--- INPUT RECORDS ---
Lemma nat_rv_tight (n : T -> nat) : exists N, 1 / 2 < expect (fun x => (n x < N)%:R).
Proof.
have : ((1 / 2 : R)%:E < \esum_(x in [set: T]) (p x)%:E)%E by rewrite p_sum1 lte_fin; lra.
case/esum_gt_sum_seq => r ur half_lt; set N := (\sum_(x <- r) n x).+1; exists N.
apply: (lt_le_trans half_lt); rewrite (eq_big_seq (fun x => (n x < N)%:R * p x)).
  by apply: sum_seq_le_expect => //; exact: bounded_nonneg_bool.
by move=> x xr; rewrite ltnS (bigD1_seq x) //= leq_addr mul1r.
Qed.

End DiscreteExpectation.

Section TupleIndependent.
Variables (R : realType) (Rel : finType) (ar : Rel -> nat) (I : PDB R ar).

Local Notation fct := (fact ar).
Local Notation inst := (instance ar).
Local Notation E := (expect (pmass I)).

Let p_ge0 := pmass_ge0 I.
Let p_sum1 := pmass_sum1 I.

Definition all_in (t : seq fct) (D : inst) : bool := all (fun f => f \in D) t.
Definition count_in (s : seq fct) (D : inst) : nat := count (fun f => f \in D) s.

Definition prob_all (t : seq fct) : R := E (fun D => (all_in t D)%:R).
Definition marginal (f : fct) : R := prob_all [:: f].
Definition marginal_sum (s : seq fct) : R := \sum_(f <- s) marginal f.

Lemma count_in_le_card s D : uniq s -> (count_in s D <= #|` D|)%N.
Proof. exact: count_mem_le_size. Qed.

Lemma count_in_pow_le s k D : (count_in s D ^ k <= size s ^ k)%N.
Proof. by case: k => // k; rewrite leq_exp2r // count_size. Qed.

Lemma prob_all_ge0 t : 0 <= prob_all t.
Proof. by apply: expect_ge0 => // D; rewrite ler0n. Qed.

Lemma marginal_sum_ge0 s : 0 <= marginal_sum s.
Proof. by apply: sumr_ge0 => f _; exact: prob_all_ge0. Qed.

Lemma prob_all_nil : prob_all [::] = 1.
Proof. exact: (expect_cst p_sum1 ler01). Qed.

Lemma Pr_all_in t : Pr I [set D | forall f, f \in t -> f \in D] = (prob_all t)%:E.
Proof.
rewrite /Pr esum_mkcond /prob_all -(expectE p_ge0 p_sum1 (bounded_nonneg_bool _ _)).
apply: eq_esum => D _; rewrite /all_in; case: (boolP (all _ t)) => /allP tD.
  by rewrite mem_set ?mul1r.
by rewrite memNset ?mul0r.
Qed.

Lemma Pr_in f : Pr I [set D | f \in D] = (marginal f)%:E.
Proof.
rewrite /marginal -Pr_all_in; congr Pr; apply/seteqP; split=> D /=.
  by move=> fD g; rewrite mem_seq1 => /eqP ->.
by apply; rewrite mem_seq1.
Qed.

Lemma prob_all_undup t : prob_all (undup t) = prob_all t.
Proof. by rewrite /prob_all /all_in; congr expect; apply: funext => D; rewrite all_undup. Qed.

Hypothesis indep : tuple_independent I.

Lemma prob_all_uniq t : uniq t -> prob_all t = \prod_(f <- t) marginal f.
Proof.
move=> ut; have := @indep _ (in_tuple t) ut; rewrite Pr_all_in.
rewrite (eq_bigr (fun f => (marginal f)%:E)) => [|f _]; last exact: Pr_in.
by rewrite prodEFin => -[].
Qed.

Lemma prob_all_cons f t :
  prob_all (f :: t) = (if f \in t then 1 else marginal f) * prob_all t.
Proof.
case: ifP => ft.
  rewrite mul1r /prob_all /all_in; congr expect; apply: funext => D /=.
  by rewrite andb_idl // => /allP; apply.
rewrite -prob_all_undup /= ft prob_all_uniq /= ?mem_undup ?ft ?undup_uniq //.
by rewrite big_cons -prob_all_uniq ?undup_uniq // prob_all_undup.
Qed.

Lemma sum_prob_all_cons_le s t : uniq s ->
  \sum_(f <- s) prob_all (f :: t) <= ((size t)%:R + marginal_sum s) * prob_all t.
Proof.
move=> us; rewrite mulrDl /marginal_sum mulr_suml.
apply: (@le_trans _ _ (\sum_(f <- s) ((f \in t)%:R * prob_all t + marginal f * prob_all t))).
  apply: ler_sum => f _; rewrite prob_all_cons.
  by case: ifP => _; rewrite ?mul1r ?lerDl ?mulr_ge0 ?prob_all_ge0 ?mul0r ?add0r.
rewrite big_split /= -mulr_suml lerD2r ler_wpM2r ?prob_all_ge0 //.
rewrite -natr_sum ler_nat; apply: leq_trans (count_mem_le_size t us).
by rewrite -sumn_count sumnE big_map.
Qed.

Definition moment_rv (s : seq fct) (k : nat) (t : seq fct) (D : inst) : nat :=
  (all_in t D * count_in s D ^ k)%N.

Definition mixed_moment s k t : R := E (fun D => (moment_rv s k t D)%:R).

Lemma bounded_moment_rv s k t : bounded_nonneg (fun D => (moment_rv s k t D)%:R : R).
Proof.
apply: (@bounded_nonneg_natr _ _ _ (size s ^ k)) => D.
by rewrite /moment_rv -[X in (_ <= X)%N]mul1n leq_mul ?leq_b1 ?count_in_pow_le.
Qed.

Lemma mixed_moment0 s t : mixed_moment s 0 t = prob_all t.
Proof. by rewrite /mixed_moment /moment_rv; congr expect; apply: funext => D; rewrite muln1. Qed.

Lemma mixed_momentS s k t :
  mixed_moment s k.+1 t = \sum_(f <- s) mixed_moment s k (f :: t).
Proof.
rewrite /mixed_moment -(expect_sum p_ge0 p_sum1) => [|f]; last exact: bounded_moment_rv.
congr expect; apply: funext => D; rewrite -natr_sum; congr _%:R.
rewrite /moment_rv expnS mulnCA; set Xk := (count_in s D ^ k)%N.
rewrite /count_in -sumn_count sumnE big_map big_distrl /=.
by apply: eq_bigr => f _; rewrite /all_in /= mulnA -mulnb.
Qed.

Lemma mixed_moment_le s k t : uniq s ->
  mixed_moment s k t <= \prod_(j < k) ((size t + j)%:R + marginal_sum s) * prob_all t.
Proof.
move=> us; elim: k t => [|k IHk] t; first by rewrite mixed_moment0 big_ord0 mul1r.
rewrite mixed_momentS big_ord_recl addn0.
under [\prod_(j < k) _]eq_bigr do rewrite lift0 -addSnnS.
rewrite [_ * \prod_(j < k) _]mulrC -mulrA; set c := \prod_(j < k) _.
have c_ge0 : 0 <= c by apply: prodr_ge0 => j _; rewrite addr_ge0 ?marginal_sum_ge0.
apply: (@le_trans _ _ (\sum_(f <- s) c * prob_all (f :: t))).
  by apply: ler_sum => f _; exact: IHk.
by rewrite -mulr_sumr ler_wpM2l // sum_prob_all_cons_le.
Qed.

Lemma count_in_moment_le s k : uniq s ->
  E (fun D => (count_in s D ^ k)%:R) <= \prod_(j < k) (j%:R + marginal_sum s).
Proof.
move=> us; have -> : E (fun D => (count_in s D ^ k)%:R) = mixed_moment s k [::].
  by congr expect; apply: funext => D; rewrite /moment_rv mul1n.
by apply: le_trans (mixed_moment_le k [::] us) _; rewrite prob_all_nil mulr1.
Qed.

Lemma expect_count_in s : E (fun D => (count_in s D)%:R) = marginal_sum s.
Proof.
have -> : E (fun D => (count_in s D)%:R) = mixed_moment s 1 [::].
  by congr expect; apply: funext => D; rewrite /moment_rv mul1n expn1.
by rewrite mixed_momentS; apply: eq_bigr => f _; rewrite mixed_moment0.
Qed.

Lemma chebyshev_count_in s : uniq s ->
  marginal_sum s ^+ 2 * E (fun D => ((2 * (count_in s D)%:R < marginal_sum s)%R)%:R)
  <= 4 * marginal_sum s.
Proof.
move=> us; set S := marginal_sum s; have S_ge0 : 0 <= S := marginal_sum_ge0 s.
pose X D : R := (count_in s D)%:R.
pose low D : R := ((2 * X D < S)%R)%:R.
change (S ^+ 2 * E low <= 4 * S).
have bX : bounded_nonneg X.
  by apply: (@bounded_nonneg_natr _ _ _ (size s)) => D; exact: count_size.
have bX2 : bounded_nonneg (fun D => (count_in s D ^ 2)%:R : R).
  exact: bounded_nonneg_natr (count_in_pow_le s 2).
have blow : bounded_nonneg low by exact: bounded_nonneg_bool.
have bS2 : bounded_nonneg (fun _ : inst => S ^+ 2) by exists (S ^+ 2) => D; rewrite sqr_ge0 lexx.
have c1_ge0 : 0 <= S ^+ 2 / 4 by rewrite divr_ge0 ?sqr_ge0.
have c2_ge0 : 0 <= 2 * S by rewrite mulr_ge0.
have pointwise D : 0 <= S ^+ 2 / 4 * low D + 2 * S * X D <= (count_in s D ^ 2)%:R + S ^+ 2.
  have X_ge0 : 0 <= X D := ler0n R _.
  by rewrite natrX indicator_low_le_sq // andbT addr_ge0 ?mulr_ge0 // ler0n.
have := le_expect p_ge0 p_sum1 (bounded_nonnegD bX2 bS2) pointwise.
rewrite (expectD p_ge0 p_sum1 bX2 bS2) (expect_cst p_sum1 (sqr_ge0 S)).
rewrite (expectD p_ge0 p_sum1 (bounded_nonnegZ c1_ge0 blow) (bounded_nonnegZ c2_ge0 bX)).
rewrite (expectZ p_ge0 p_sum1 c1_ge0 blow) (expectZ p_ge0 p_sum1 c2_ge0 bX) expect_count_in.
have := count_in_moment_le 2 us; rewrite !big_ord_recl big_ord0 lift0 /= -/S add0r mulr1; lra.
Qed.

(* If S(s) > 2 N then [2 X_s < S(s)] whenever |D| < N, so Chebyshev forces
   S(s)^2 / 2 < 4 S(s). *)
Lemma marginal_sum_bounded : exists M, forall s, uniq s -> marginal_sum s <= M.
Proof.
have [N half_lt] := nat_rv_tight p_ge0 p_sum1 (fun D : inst => #|` D|).
have N_ge0 : 0 <= N%:R :> R := ler0n R N.
exists (2 * N%:R + 8) => s us; set S := marginal_sum s.
have S_ge0 : 0 <= S := marginal_sum_ge0 s.
have [|S_gt] := lerP S (2 * N%:R); first lra.
have low_gt : 1 / 2 < E (fun D => ((2 * (count_in s D)%:R < S)%R)%:R).
  apply: (lt_le_trans half_lt); apply: le_expect => // [|D].
    exact: bounded_nonneg_bool.
  case: ltnP => [small|_]; last by rewrite ler0n ler_nat.
  have : (count_in s D < N)%N by rewrite (leq_ltn_trans (count_in_le_card D us)).
  rewrite -(ltr_nat R) => X_lt; have -> : (2 * (count_in s D)%:R < S)%R by lra.
  by rewrite ler0n lexx.
have := chebyshev_count_in us; rewrite -/S; nra.
Qed.

Lemma esum_card_pow_le M : (forall s, uniq s -> marginal_sum s <= M) -> forall k,
  (\esum_(D in [set: inst]) ((#|` D| ^ k)%:R * pmass I D)%:E <= ((k%:R + M) ^+ k)%:E)%E.
Proof.
move=> Mb k; apply: esum_le_sum_seq_ub => r ur.
pose s := undup (flatten [seq enum_fset D | D <- r]).
have us : uniq s := undup_uniq _.
have count_in_card D : D \in r -> count_in s D = #|` D|.
  move=> Dr; apply/eqP; rewrite eqn_leq count_in_le_card //= /count_in -size_filter.
  apply: uniq_leq_size; first exact: fset_uniq.
  move=> f fD; rewrite mem_filter fD mem_undup /=; apply/flattenP.
  by exists (enum_fset D) => //; apply: map_f.
rewrite (eq_big_seq (fun D => (count_in s D ^ k)%:R * pmass I D)) => [|D Dr]; last first.
  by rewrite count_in_card.
apply: le_trans (sum_seq_le_expect p_ge0 p_sum1 ur _) _.
  exact: bounded_nonneg_natr (count_in_pow_le s k).
apply: le_trans (count_in_moment_le k us) _.
rewrite -[X in _ ^+ X]card_ord -prodr_const; apply: ler_prod => j _.
by rewrite addr_ge0 ?marginal_sum_ge0 //= lerD ?Mb // ler_nat ltnW.
Qed.

End TupleIndependent.

Theorem proposition3p3 (R : realType) (Rel : finType) (ar : Rel -> nat)
  (I : PDB R ar) :
  tuple_independent I -> finite_moments I.
Proof.
move=> indep k _; have [M Mb] := marginal_sum_bounded indep.
exact: le_lt_trans (esum_card_pow_le indep Mb k) (ltry _).
Qed.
---
▸ ACTIVITY
Above are the records; from them, give again exactly the lines from the one containing "Lemma prob_all_nil : prob_all [::] = 1." through the one containing "rewrite -prob_all_undup /= ft", both included.

▸ SOLVED EXERCISE
Lemma prob_all_nil : prob_all [::] = 1.
Proof. exact: (expect_cst p_sum1 ler01). Qed.

Lemma Pr_all_in t : Pr I [set D | forall f, f \in t -> f \in D] = (prob_all t)%:E.
Proof.
rewrite /Pr esum_mkcond /prob_all -(expectE p_ge0 p_sum1 (bounded_nonneg_bool _ _)).
apply: eq_esum => D _; rewrite /all_in; case: (boolP (all _ t)) => /allP tD.
  by rewrite mem_set ?mul1r.
by rewrite memNset ?mul0r.
Qed.

Lemma Pr_in f : Pr I [set D | f \in D] = (marginal f)%:E.
Proof.
rewrite /marginal -Pr_all_in; congr Pr; apply/seteqP; split=> D /=.
  by move=> fD g; rewrite mem_seq1 => /eqP ->.
by apply; rewrite mem_seq1.
Qed.

Lemma prob_all_undup t : prob_all (undup t) = prob_all t.
Proof. by rewrite /prob_all /all_in; congr expect; apply: funext => D; rewrite all_undup. Qed.

Hypothesis indep : tuple_independent I.

Lemma prob_all_uniq t : uniq t -> prob_all t = \prod_(f <- t) marginal f.
Proof.
move=> ut; have := @indep _ (in_tuple t) ut; rewrite Pr_all_in.
rewrite (eq_bigr (fun f => (marginal f)%:E)) => [|f _]; last exact: Pr_in.
by rewrite prodEFin => -[].
Qed.

Lemma prob_all_cons f t :
  prob_all (f :: t) = (if f \in t then 1 else marginal f) * prob_all t.
Proof.
case: ifP => ft.
  rewrite mul1r /prob_all /all_in; congr expect; apply: funext => D /=.
  by rewrite andb_idl // => /allP; apply.
rewrite -prob_all_undup /= ft prob_all_uniq /= ?mem_undup ?ft ?undup_uniq //.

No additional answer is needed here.